**PROMPT**: Return exactly the span of lines in the following data that opens with the line containing "by exists (G" and closes with the line containing "move=> AsB; have [stabA eqBA kerB] := AsB.". Include nothing else.
#####
(* Let $\mathbb{F}$ be a field and $n\ge1$. For every $A\in M(n,\mathbb{F})$ we have $A\sim_{M(n,\mathbb{F})} A_s$. In particular, $A\sim_{M(n,\mathbb{F})} 0$ for every nilpotent $A\in M(n,\mathbb{F})$.
   Context: $M(n,\mathbb{F})$ denotes the semigroup of all $n\times n$ matrices over $\mathbb{F}$ under matrix multiplication, identified with linear operators on $\mathbb{F}^n$. Two elements $a,b$ of a semigroup $S$ are primarily $S$-conjugated if there are $x,y\in S$ with $a=xy$ and $b=yx$; $\sim_S$ is the transitive closure of primary $S$-conjugacy. For $A\in M(n,\mathbb{F})$ let $t\ge 0$ be such that $A^t(\mathbb{F}^n)=A^{t+i}(\mathbb{F}^n)$ for all $i\ge 0$; then $\mathbb{F}^n=A^t(\mathbb{F}^n)\oplus\ker(A^t)$, and $A_s$ is the linear operator with $A_s(v)=A(v)$ for $v\in A^t(\mathbb{F}^n)$ and $A_s(v)=0$ for $v\in\ker(A^t)$. *)

From HB Require Import structures.
From mathcomp Require Import all_boot all_order all_algebra.
From Stdlib Require Import Relations.
Set Implicit Arguments. Unset Strict Implicit. Unset Printing Implicit Defensive.
Import GRing.Theory.
Local Open Scope ring_scope.

Definition prim_conj (F : fieldType) (n : nat) (a b : 'M[F]_n) : Prop :=
  exists x y : 'M[F]_n, a = x *m y /\ b = y *m x.

Definition mconj (F : fieldType) (n : nat) : relation 'M[F]_n :=
  clos_trans _ (@prim_conj F n).

Definition in_img (F : fieldType) (n : nat) (M : 'M[F]_n) (v : 'cV[F]_n) : Prop :=
  exists w : 'cV[F]_n, v = M *m w.

Definition is_As (F : fieldType) (n : nat) (A B : 'M[F]_n) : Prop :=
  exists t : nat,
    (forall i : nat, forall v, in_img (A ^+ t) v <-> in_img (A ^+ (t + i)) v) /\
    (forall v, in_img (A ^+ t) v -> B *m v = A *m v) /\
    (forall v : 'cV[F]_n, A ^+ t *m v = 0 -> B *m v = 0).

From HB Require Import structures.
From mathcomp Require Import all_boot all_order all_algebra.
From Stdlib Require Import Relations.
Set Implicit Arguments.
Unset Strict Implicit.
Unset Printing Implicit Defensive.
Local Open Scope ring_scope.
Import GRing.Theory.

(* Induction on the stabilisation index t.  For a generalised inverse G with
   A G A = A, the idempotent P := A G satisfies P A = A, so A = P A ~ A P,
   and (A P)^(k+1) = A^(k+1) P has the image of A^(k+2): the index of A P
   drops by one, with (A P)_s = A_s P.  Finally A_s P ~ P A_s = A_s because
   the image of A_s lies in that of A.  At index 1, A_s = A. *)

Section CoreConjugacy.
Variables (F : fieldType) (n : nat).
Implicit Types (A B P : 'M[F]_n) (v w : 'cV[F]_n).

Definition is_As_at (t : nat) A B : Prop :=
  [/\ forall i v, in_img (A ^+ t) v <-> in_img (A ^+ (t + i)) v,
      forall v, in_img (A ^+ t) v -> B *m v = A *m v
    & forall v, A ^+ t *m v = 0 -> B *m v = 0].

Lemma is_AsP A B : is_As A B <-> exists t, is_As_at t A B.
Proof. by split=> [[t [? [? ?]]] | [t [? ? ?]]]; exists t; split. Qed.

Lemma mulmx_vecP A B : (forall v, A *m v = B *m v) -> A = B.
Proof.
move=> eqAB; apply/matrixP=> i j.
by have := congr1 (fun v => v i 0) (eqAB (delta_mx j 0)); rewrite -!colE !mxE.
Qed.

Lemma mconj_refl A : mconj A A.
Proof. by apply: t_step; exists 1%:M, A; rewrite mul1mx mulmx1. Qed.

Lemma mconj_mulmxC A B : mconj (A *m B) (B *m A).
Proof. by apply: t_step; exists A, B. Qed.

Lemma is_As_at_decomp t A B w : is_As_at t A B ->
  exists z, A ^+ t *m (w - A ^+ t *m z) = 0 /\ B *m w = A *m (A ^+ t *m z).
Proof.
case=> stabA eqBA kerB.
have [z eq_z] : in_img (A ^+ (t + t)) (A ^+ t *m w) by apply/stabA; exists w.
have ker_u : A ^+ t *m (w - A ^+ t *m z) = 0.
  by rewrite mulmxBr mulmxA mulmxE -exprD -eq_z subrr.
exists z; split=> //.
rewrite -[w in LHS](subrK (A ^+ t *m z)) mulmxDr (kerB _ ker_u) add0r.
by apply: eqBA; exists z.
Qed.

Lemma is_As_at1 A B : is_As_at 1 A B -> B = A.
Proof.
move=> AsB; apply: mulmx_vecP=> w.
have [z []] := is_As_at_decomp w AsB; rewrite expr1 => ker_u ->.
by rewrite -[w in RHS](subrK (A *m z)) mulmxDr ker_u add0r.
Qed.

Lemma is_As_at_mulmxl t A B P : is_As_at t A B -> P *m A = A -> P *m B = B.
Proof.
move=> AsB PA; apply: mulmx_vecP=> w; rewrite -mulmxA.
by have [z [_ ->]] := is_As_at_decomp w AsB; rewrite mulmxA PA.
Qed.

Section RightFactor.
Variables (A G P : 'M[F]_n).
Hypotheses (defP : P = A *m G) (PA : P *m A = A).

Lemma exprS_mulmx_idl k : (A *m P) ^+ k.+1 = A ^+ k.+1 *m P.
Proof.
elim: k => [|k IHk]; first by rewrite !expr1.
by rewrite exprSr IHk -mulmxE -mulmxA (mulmxA P) PA mulmxA mulmxE -exprSr.
Qed.

Lemma in_img_mulmx_idl k v :
  in_img ((A *m P) ^+ k.+1) v <-> in_img (A ^+ k.+2) v.
Proof.
rewrite exprS_mulmx_idl; split=> -[w ->].
  by exists (G *m w); rewrite defP (exprSr A k.+1) -mulmxE !mulmxA.
by exists (A *m w); rewrite (exprSr A k.+1) -mulmxE -!mulmxA (mulmxA P) PA.
Qed.

Lemma is_As_at_mulmx_idl t B :
  is_As_at t.+2 A B -> is_As_at t.+1 (A *m P) (B *m P).
Proof.
move=> AsB; have [stabA eqBA kerB] := AsB.
split=> [i v | v | v].
- by rewrite addSn; split=> /in_img_mulmx_idl/(stabA i)/in_img_mulmx_idl.
- case/in_img_mulmx_idl=> w defv.
  have Pv : P *m v = v by rewrite defv exprS -mulmxE !mulmxA PA.
  by rewrite -!mulmxA Pv eqBA //; exists w.
- rewrite exprS_mulmx_idl -!mulmxA => kerAPv; apply: kerB.
  by rewrite exprS -mulmxE -mulmxA kerAPv mulmx0.
Qed.

End RightFactor.

Lemma is_As_at_mconj t A B : is_As_at t.+1 A B -> mconj A B.
Proof.
elim: t A B => [|t IHt] A B AsB; first by rewrite (is_As_at1 AsB); apply: mconj_refl.
pose P := A *m pinvmx A.
have PA : P *m A = A by rewrite mulmxKpV.
apply: (t_trans _ _ _ (A *m P)); first by rewrite -{1}PA; apply: mconj_mulmxC.
apply: (t_trans _ _ _ (B *m P)).
  exact: IHt (is_As_at_mulmx_idl (erefl P) PA AsB).
by rewrite -{2}(is_As_at_mulmxl AsB PA); apply: mconj_mulmxC.
Qed.

Lemma is_As_mconj A B : is_As A B -> mconj A B.
Proof.
case/is_AsP=> -[|t] AsB; last exact: is_As_at_mconj AsB.
have [_ eqBA _] := AsB.
have -> : B = A by apply: mulmx_vecP=> v; apply: eqBA; exists v; rewrite mul1mx.
exact: mconj_refl.
Qed.

Lemma is_As_nilpotent A k : A ^+ k = 0 -> is_As A 0.
Proof.
move=> Ak; apply/is_AsP; exists k; split=> [i v | v | v _].
- by rewrite exprD Ak mul0r.
- by case=> w ->; rewrite Ak !mul0mx mulmx0.
- exact: mul0mx.
Qed.

End CoreConjugacy.

Theorem lemma2 (F : fieldType) (n : nat) (hn : (1 <= n)%N) :
  (forall A As : 'M[F]_n, is_As A As -> mconj A As) /\
  (forall A : 'M[F]_n, (exists k : nat, A ^+ k = 0) -> mconj A 0).
Proof.
split=> [A B | A [k Ak]]; first exact: is_As_mconj.
exact/is_As_mconj/(is_As_nilpotent Ak).
Qed.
#####
**EXERCISE ANSWER**:
  by exists (G *m w); rewrite defP (exprSr A k.+1) -mulmxE !mulmxA.
by exists (A *m w); rewrite (exprSr A k.+1) -mulmxE -!mulmxA (mulmxA P) PA.
Qed.

Lemma is_As_at_mulmx_idl t B :
  is_As_at t.+2 A B -> is_As_at t.+1 (A *m P) (B *m P).
Proof.
move=> AsB; have [stabA eqBA kerB] := AsB.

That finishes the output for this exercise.